**Description of the task**
Every line of the material must come back exactly as given.

**Supplied information**

Lemma dist_walk_prob_ratio_le (R : realType) (lo hi : R) m w v :
  0 < lo -> (forall u, lo <= (deg e u)%:R <= hi) ->
  `|walk_prob R e m w v - (nwalks e m w v)%:R / (nwalks_from e m w)%:R|
    <= (nwalks e m w v)%:R * ((lo ^+ m)^-1 - (hi ^+ m)^-1).
Proof.
move=> lo_gt0 deg_bd.
have hi_gt0 : 0 < hi.
  by have /andP[lo_d d_hi] := deg_bd w; exact: lt_le_trans lo_gt0 (le_trans lo_d d_hi).
have inv_deg_bd u :
    (0 <= hi^-1 <= ((deg e u)%:R : R)^-1) && (0 <= ((deg e u)%:R : R)^-1 <= lo^-1).
  have /andP[lo_d d_hi] := deg_bd u.
  have d_gt0 : 0 < (deg e u)%:R :> R := lt_le_trans lo_gt0 lo_d.
  by rewrite !invr_ge0 !lef_pV2 ?posrE // lo_d d_hi ler0n (ltW hi_gt0).
have prod_cst (x : R) : \prod_(j < m) x = x ^+ m by rewrite prodr_const card_ord.
have prod_bd (f : {ffun 'I_m.+1 -> 'I_n}) :
    (hi ^+ m)^-1 <= \prod_(j < m) ((deg e (f (widen_ord (leqnSn m) j)))%:R)^-1
                 <= (lo ^+ m)^-1.
  rewrite -!exprVn -!prod_cst; apply/andP; split; apply: ler_prod => j _;
    by case/andP: (inv_deg_bd (f (widen_ord (leqnSn m) j))).
have W_bd : (hi ^+ m)^-1 <= ((nwalks_from e m w)%:R)^-1 <= (lo ^+ m)^-1.
  have /andP[lo_W W_hi] := nwalks_from_bounds m w (ltW lo_gt0) deg_bd.
  have W_gt0 : 0 < (nwalks_from e m w)%:R :> R by apply: lt_le_trans lo_W; rewrite exprn_gt0.
  by rewrite !lef_pV2 ?posrE ?exprn_gt0 // lo_W W_hi.
pose ends_at_v f := (f \in walks_from e m w) && (f ord_max == v).
rewrite /walk_prob /nwalks -(sum1dep_card ends_at_v) natr_sum !mulr_suml -sumrB.
apply: le_trans (ler_norm_sum _ _ _) (ler_sum _ _) => f _.
move: (prod_bd f) W_bd => /andP[? ?] /andP[? ?].
by rewrite mul1r ler_norml; apply/andP; split; lra.
Qed.

End WalkCounting.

**Expected answer**
Lemma dist_walk_prob_ratio_le (R : realType) (lo hi : R) m w v :
  0 < lo -> (forall u, lo <= (deg e u)%:R <= hi) ->
  `|walk_prob R e m w v - (nwalks e m w v)%:R / (nwalks_from e m w)%:R|
    <= (nwalks e m w v)%:R * ((lo ^+ m)^-1 - (hi ^+ m)^-1).
Proof.
move=> lo_gt0 deg_bd.
have hi_gt0 : 0 < hi.
  by have /andP[lo_d d_hi] := deg_bd w; exact: lt_le_trans lo_gt0 (le_trans lo_d d_hi).
have inv_deg_bd u :
    (0 <= hi^-1 <= ((deg e u)%:R : R)^-1) && (0 <= ((deg e u)%:R : R)^-1 <= lo^-1).
  have /andP[lo_d d_hi] := deg_bd u.
  have d_gt0 : 0 < (deg e u)%:R :> R := lt_le_trans lo_gt0 lo_d.
  by rewrite !invr_ge0 !lef_pV2 ?posrE // lo_d d_hi ler0n (ltW hi_gt0).
have prod_cst (x : R) : \prod_(j < m) x = x ^+ m by rewrite prodr_const card_ord.
have prod_bd (f : {ffun 'I_m.+1 -> 'I_n}) :
    (hi ^+ m)^-1 <= \prod_(j < m) ((deg e (f (widen_ord (leqnSn m) j)))%:R)^-1
                 <= (lo ^+ m)^-1.
  rewrite -!exprVn -!prod_cst; apply/andP; split; apply: ler_prod => j _;
    by case/andP: (inv_deg_bd (f (widen_ord (leqnSn m) j))).
have W_bd : (hi ^+ m)^-1 <= ((nwalks_from e m w)%:R)^-1 <= (lo ^+ m)^-1.
  have /andP[lo_W W_hi] := nwalks_from_bounds m w (ltW lo_gt0) deg_bd.
  have W_gt0 : 0 < (nwalks_from e m w)%:R :> R by apply: lt_le_trans lo_W; rewrite exprn_gt0.
  by rewrite !lef_pV2 ?posrE ?exprn_gt0 // lo_W W_hi.
pose ends_at_v f := (f \in walks_from e m w) && (f ord_max == v).
rewrite /walk_prob /nwalks -(sum1dep_card ends_at_v) natr_sum !mulr_suml -sumrB.
apply: le_trans (ler_norm_sum _ _ _) (ler_sum _ _) => f _.
move: (prod_bd f) W_bd => /andP[? ?] /andP[? ?].
by rewrite mul1r ler_norml; apply/andP; split; lra.
Qed.

End WalkCounting.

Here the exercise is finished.